There was a time when buying a storage array meant comparing products from one of the big four or five vendors and having to decide whether to go “enterprise” with something like Symmetrix or “mid-range” with CLARiiON. Today our choices are wider than ever and as a part of the IT industry, storage seems to be spawning more startups than any other. Let's take a look at how the storage industry has evolved away from the paradigm of storage area networking and what storage administrators might expect in the coming years.
From the perspective of the customer, there is more choice in storage hardware and software solutions than ever before. We have all-flash, hybrid, scale-out SAN and NAS, object stores, traditional NAS, commodity, open source, and application-aware products. More recently, we’ve also seen the introduction of scale-out backup as a platform and there’s always the option to push data into the public cloud.
Storage requirements include not only rapidly processing increasing volumes of data, but doing something useful with it. Scale-out solutions and object stores provide the capability to do complex analytics while all-flash and some hybrid storage arrays resolve issues around latency that can’t be solved with legacy hard-drive based arrays. Application-aware storage attempts to provide more efficient use of resources, ensuring data is stored on the most appropriate medium at the time it's needed.
The overall effect is that the storage industry is fragmenting into application- and problem- specific technologies, moving away from the legacy “one size fits all” products. Some of the technology that we’ve been reliant on for many years simply doesn’t work at scale and new technologies are being used to plug the gaps.
For example, take RAID, which has been used for protection against failing drives for more than 25 years. At scale (large drives and many drives), RAID becomes less efficient and open to data loss through multiple drive failures. Erasure coding provides a more flexible solution that allows data to be protected redundantly using algorithmically generated redundant fragments, only a set number of which are needed to recreate the original data.
Erasure coding allows geo-protection (dispersal and protection of data over multiple locations) without creating entire replicas of data, but does suffer from some issues in performance, depending on object size. As a result, this new data protection technique can’t simply be slotted into existing hardware and so we see new platforms emerging to meet the needs of dispersed data protection.
Open source and integrated storage
While there's an ever-growing number of storage products and storage vendors to choose from, the storage industry also has gone open source with platforms like Ceph and GlusterFS. Even storage giants like EMC are playing with the open source model, releasing its unsuccessful ViPR platform as CoprHD in the hope that end users will help develop the code base in a way that EMC can’t. It’s perfectly possible that EMC will open source other platforms too, such as ScaleIO, in an attempt generate traction for what is a more complex sale than a typical hardware appliance.

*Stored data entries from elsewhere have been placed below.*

Lemma is_deriveS_unique F A B : is_deriveS F y0 A -> is_deriveS F y0 B -> A = B.
Proof.
  intros [_ h1] [_ h2]. extensionality j.
  specialize (h1 j). specialize (h2 j). apply is_derive_unique in h1, h2. congruence.
Qed.

Lemma is_deriveS_ext F G A : (forall y, F y = G y) -> is_deriveS F y0 A -> is_deriveS G y0 A.
Proof.
  intros H [[B hB] hD]. split.
  - exists B. intros y; rewrite <- H; auto.
  - intros j. apply (is_derive_ext (fun y => F y j)); auto. intros; rewrite H; auto.
Qed.

Lemma is_deriveS_const f B : deg_le B f -> is_deriveS (fun _ => f) y0 zeroS.
Proof. intros h. split; [exists B; auto|]. intros j. apply (is_derive_const (f j)). Qed.

Lemma is_deriveS_Derive (F : R -> ser) B : (forall y, deg_le B (F y)) ->
  (forall j, ex_derive (fun y => F y j) y0) -> is_deriveS F y0 (fun j => Derive (fun y => F y j) y0).
Proof. intros hB hD. split; [exists B; auto|]. intros j. apply Derive_correct. auto. Qed.

Lemma is_deriveS_add F F' G G' : is_deriveS F y0 F' -> is_deriveS G y0 G' ->
  is_deriveS (fun y => addS (F y) (G y)) y0 (addS F' G').
Proof.
  intros [[B1 h1] d1] [[B2 h2] d2]. split.
  - exists (Z.max B1 B2). intros y. apply deg_le_add; eapply deg_le_mono; eauto; lia.
  - intros j. unfold addS. apply (is_derive_plus (fun y => F y j) (fun y => G y j)); auto.
Qed.

Lemma is_deriveS_sub F F' G G' : is_deriveS F y0 F' -> is_deriveS G y0 G' ->
  is_deriveS (fun y => subS (F y) (G y)) y0 (subS F' G').
Proof.
  intros [[B1 h1] d1] [[B2 h2] d2]. split.
  - exists (Z.max B1 B2). intros y. apply deg_le_sub; eapply deg_le_mono; eauto; lia.
  - intros j. unfold subS. apply (is_derive_minus (fun y => F y j) (fun y => G y j)); auto.
Qed.

Lemma is_deriveS_opp F F' : is_deriveS F y0 F' -> is_deriveS (fun y => oppS (F y)) y0 (oppS F').
Proof.
  intros [[B h] d]. split.
  - exists B. intros y. apply deg_le_opp; auto.
  - intros j. unfold oppS. apply (is_derive_opp (fun y => F y j)); auto.
Qed.

Lemma is_deriveS_scal_fun (c : R -> R) c' F F' : is_derive c y0 c' -> is_deriveS F y0 F' ->
  is_deriveS (fun y => scalS (c y) (F y)) y0 (addS (scalS c' (F y0)) (scalS (c y0) F')).
Proof.
  intros hc [[B h] d]. split.
  - exists B. intros y. apply deg_le_scal; auto.
  - intros j. unfold scalS, addS. apply (is_derive_mult c (fun y => F y j)); auto.
    intros; apply Rmult_comm.
Qed.

Lemma is_deriveS_scal c F F' : is_deriveS F y0 F' -> is_deriveS (fun y => scalS c (F y)) y0 (scalS c F').
Proof.
  intros [[B h] d]. split.
  - exists B. intros y. apply deg_le_scal; auto.
  - intros j. unfold scalS. apply (is_derive_scal (fun y => F y j)); auto.
Qed.

Lemma is_deriveS_shift d F F' : is_deriveS F y0 F' -> is_deriveS (fun y => shiftS d (F y)) y0 (shiftS d F').
Proof.
  intros [[B h] hd]. split.
  - exists (B + d)%Z. intros y. apply deg_le_shift; auto.
  - intros j. unfold shiftS. apply hd.
Qed.

Lemma is_deriveS_mul F F' G G' : is_deriveS F y0 F' -> is_deriveS G y0 G' ->
  is_deriveS (fun y => mulS (F y) (G y)) y0 (addS (mulS F' (G y0)) (mulS (F y0) G')).
Proof.
  intros [[B1 h1] d1] [[B2 h2] d2].
  pose proof (is_deriveS_deg_le F F' B1 h1 d1) as h1'.
  pose proof (is_deriveS_deg_le G G' B2 h2 d2) as h2'. split.
  - exists (B1 + B2)%Z. intros y. apply deg_le_mulS; auto.
  - intros j. unfold addS.
    apply (is_derive_ext (fun y => zsum (fun a => F y a * G y (j - a)%Z) (zrange (j - B2) B1))).
    { intros y. rewrite (mulS_zrange _ _ B1 B2 j (j - B2) B1); auto; lia. }
    rewrite (mulS_zrange _ _ B1 B2 j (j - B2) B1), (mulS_zrange _ _ B1 B2 j (j - B2) B1), <- zsum_plus;
      auto; try lia.
    induction (zrange (j - B2) B1) as [|a l IH]; simpl.
    + apply (is_derive_const 0).
    + apply (is_derive_plus (fun y => F y a * G y (j - a)%Z)); auto.
      apply (is_derive_mult (fun y => F y a) (fun y => G y (j - a)%Z)); auto. intros; apply Rmult_comm.
Qed.

Lemma is_deriveS_sumS (F : nat -> R -> ser) F' B :
  (forall m, is_deriveS (F m) y0 (F' m)) -> (forall m y, deg_le B (F m y)) ->
  (forall j, exists K, forall m, (K < m)%nat -> forall y j', (j <= j')%Z -> F m y j' = 0) ->
  is_deriveS (fun y => sumS (fun m => F m y)) y0 (sumS F').
Proof.
  intros hD hB hE. split.
  - exists B. intros y. apply deg_le_sumS. auto.
  - intros j. destruct (hE j) as [K HK].
    assert (HK' : forall m, (Z.of_nat K < Z.of_nat m)%Z -> F' m j = 0).
    { intros m hm. destruct (hD m) as [_ d]. specialize (d j). apply is_derive_unique in d.
      rewrite <- d, (Derive_ext _ (fun _ => 0)) by (intros; apply HK; auto; lia). apply Derive_const. }
    apply (is_derive_ext (fun y => zsum (fun z => F (Z.to_nat z) y j) (zrange 0 (Z.of_nat K)))).
    { intros y. symmetry. apply sumS_zrange; [lia|]. intros m hm. apply HK; auto; lia. }
    rewrite (sumS_zrange _ j (Z.of_nat K)); [|lia|exact HK'].
    induction (zrange 0 (Z.of_nat K)) as [|a l IH]; simpl.
    + apply (is_derive_const 0).
    + apply (is_derive_plus (fun y => F (Z.to_nat a) y j)); auto. apply hD.
Qed.

End SeriesDerivative.

Section SeriesDerivativeRules.
Variable y0 : R.

Lemma is_deriveS_powS F F' n : is_deriveS F y0 F' ->
  is_deriveS (fun y => powS (F y) (S n)) y0 (mulS (constS (INR (S n))) (mulS (powS (F y0) n) F')).
Proof.
  intros hD. destruct (is_deriveS_bound _ _ _ hD) as [B [hB' hB]].
  set (a := lser_of _ (hB y0)). set (d := lser_of _ hB').
  induction n as [|n IH].
  - replace (mulS (constS (INR 1)) (mulS (powS (F y0) 0) F')) with (addS (mulS F' oneS) (mulS (F y0) zeroS)).
    + apply (is_deriveS_mul y0 F F' (fun _ => oneS) zeroS hD (is_deriveS_const y0 _ 0 deg_le_one)).
    + assert (E : ladd (lmul d lone) (lmul a lzero) = lmul (lconst (INR 1)) (lmul lone d))
        by (simpl INR; rewrite lconst_1; ring).
      exact (f_equal lval E).
  - replace (mulS (constS (INR (S (S n)))) (mulS (powS (F y0) (S n)) F'))
      with (addS (mulS F' (powS (F y0) (S n))) (mulS (F y0) (mulS (constS (INR (S n))) (mulS (powS (F y0) n) F')))).
    + apply (is_deriveS_mul y0 F F' (fun y => powS (F y) (S n))); auto.
    + change (powS (F y0) (S n)) with (mulS (F y0) (powS (F y0) n)).
      set (p := lser_of _ (deg_le_powS _ _ n (hB y0))).
      assert (E : ladd (lmul d (lmul a p)) (lmul a (lmul (lconst (INR (S n))) (lmul p d)))
                 = lmul (lconst (INR (S (S n)))) (lmul (lmul a p) d))
        by (rewrite (S_INR (S n)), <- lconst_add, lconst_1; ring).
      exact (f_equal lval E).
Qed.

(* The inverse is differentiable termwise through its geometric series; its derivative is then
   forced by differentiating [L * L^{-1} = 1]. *)
Lemma is_deriveS_invS L L' : (forall y, Lform (L y)) -> is_deriveS L y0 L' ->
  is_deriveS (fun y => invS (L y)) y0 (oppS (mulS (mulS (invS (L y0)) (invS (L y0))) L')).
Proof.
  intros hL hD. destruct (is_deriveS_bound _ _ _ hD) as [B [hB' hB]].
  assert (hk : deg_le 1 kS) by (intros j hj; unfold kS; destruct (Z.eqb_spec j 1); [lia|auto]).
  assert (hw : is_deriveS (fun y => oppS (Ltail (L y))) y0 (oppS (shiftS (-1) (subS L' zeroS))))
    by (apply is_deriveS_opp, is_deriveS_shift, is_deriveS_sub, (is_deriveS_const y0 _ 1 hk); auto).
  assert (hex : exists I', is_deriveS (fun y => invS (L y)) y0 I').
  { set (W' := oppS (shiftS (-1) (subS L' zeroS))).
    set (D := fun m => match m with
                       | O => zeroS
                       | S n => mulS (constS (INR (S n))) (mulS (powS (oppS (Ltail (L y0))) n) W')
                       end).
    exists (shiftS (-1) (sumS D)). apply is_deriveS_shift.
    apply (is_deriveS_sumS y0 (fun m y => powS (oppS (Ltail (L y))) m) D 0).
    - intros [|n]; [apply (is_deriveS_const y0 _ 0 deg_le_one)|apply is_deriveS_powS; auto].
    - intros m y. apply deg_le_geom_terms. eapply deg_le_mono; [|apply deg_le_Ltail; auto]. lia.
    - intros j. exists (Z.to_nat (- j)). intros m hm y j' hj.
      apply (deg_le_powS_neg (Ltail (L y)) m); [|lia].
      eapply deg_le_mono; [|apply deg_le_Ltail; auto]. lia. }
  destruct hex as [I' hI].
  pose proof (deg_le_invS _ (hL y0)) as hi. destruct (is_deriveS_bound _ _ _ hI) as [Bi [hi' _]].
  assert (H0 : addS (mulS L' (invS (L y0))) (mulS (L y0) I') = zeroS).
  { eapply is_deriveS_unique; [exact (is_deriveS_mul y0 L L' (fun y => invS (L y)) I' hD hI)|].
    apply (is_deriveS_ext y0 (fun _ => oneS)); [intros; symmetry; apply mulS_invS; auto|].
    apply (is_deriveS_const y0 _ 0 deg_le_one). }
  replace (oppS (mulS (mulS (invS (L y0)) (invS (L y0))) L')) with I'; [exact hI|].
  pose proof (mulS_invS _ (hL y0)) as H1.
  set (l := lser_of _ (hB y0)). set (i := lser_of _ hi). set (dl := lser_of _ hB'). set (di := lser_of _ hi').
  assert (E0 : lmul l i = lone) by (apply lser_eq; exact H1).
  assert (E1 : ladd (lmul dl i) (lmul l di) = lzero) by (apply lser_eq; exact H0).
  assert (E : di = lopp (lmul (lmul i i) dl)).
  { transitivity (lmul di (lmul l i)); [rewrite E0; ring|].
    transitivity (lmul i (lmul l di)); [ring|].
    replace (lmul l di) with (lsub lzero (lmul dl i)) by (rewrite <- E1; ring). ring. }
  exact (f_equal lval E).
Qed.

Outside of the pure storage market, the hyperconvergence vendors are gaining market share. These companies, such as including Nutanix, Scale Computing and SimpliVity, offer hardware products that dispense with the need for dedicated storage and all of the management overhead that goes with it. The IT generalist can install and run a hyperconverged solution without needing to be an expert in technologies like Fibre Channel and SAN.
From a software perspective, hyperconverged vendors include VMware (with VSAN), Maxta, and Atlantis Computing. These are more examples of the fragmentation of the storage landscape and the move away from having everything in one place.
There are definitely plenty of choices available today for storing and manipulating data in a wide variety of formats. As the traditional role of the storage administrator --managing hardware -- starts to disappear, the focus will be squarely on the data rather than the hardware platform. The future evolution of the storage industry will be about understanding and managing the content and choosing the software solution to match. Picking the right product certainly won’t get any easier and will be one of the challenging tasks for the next generation of data managers.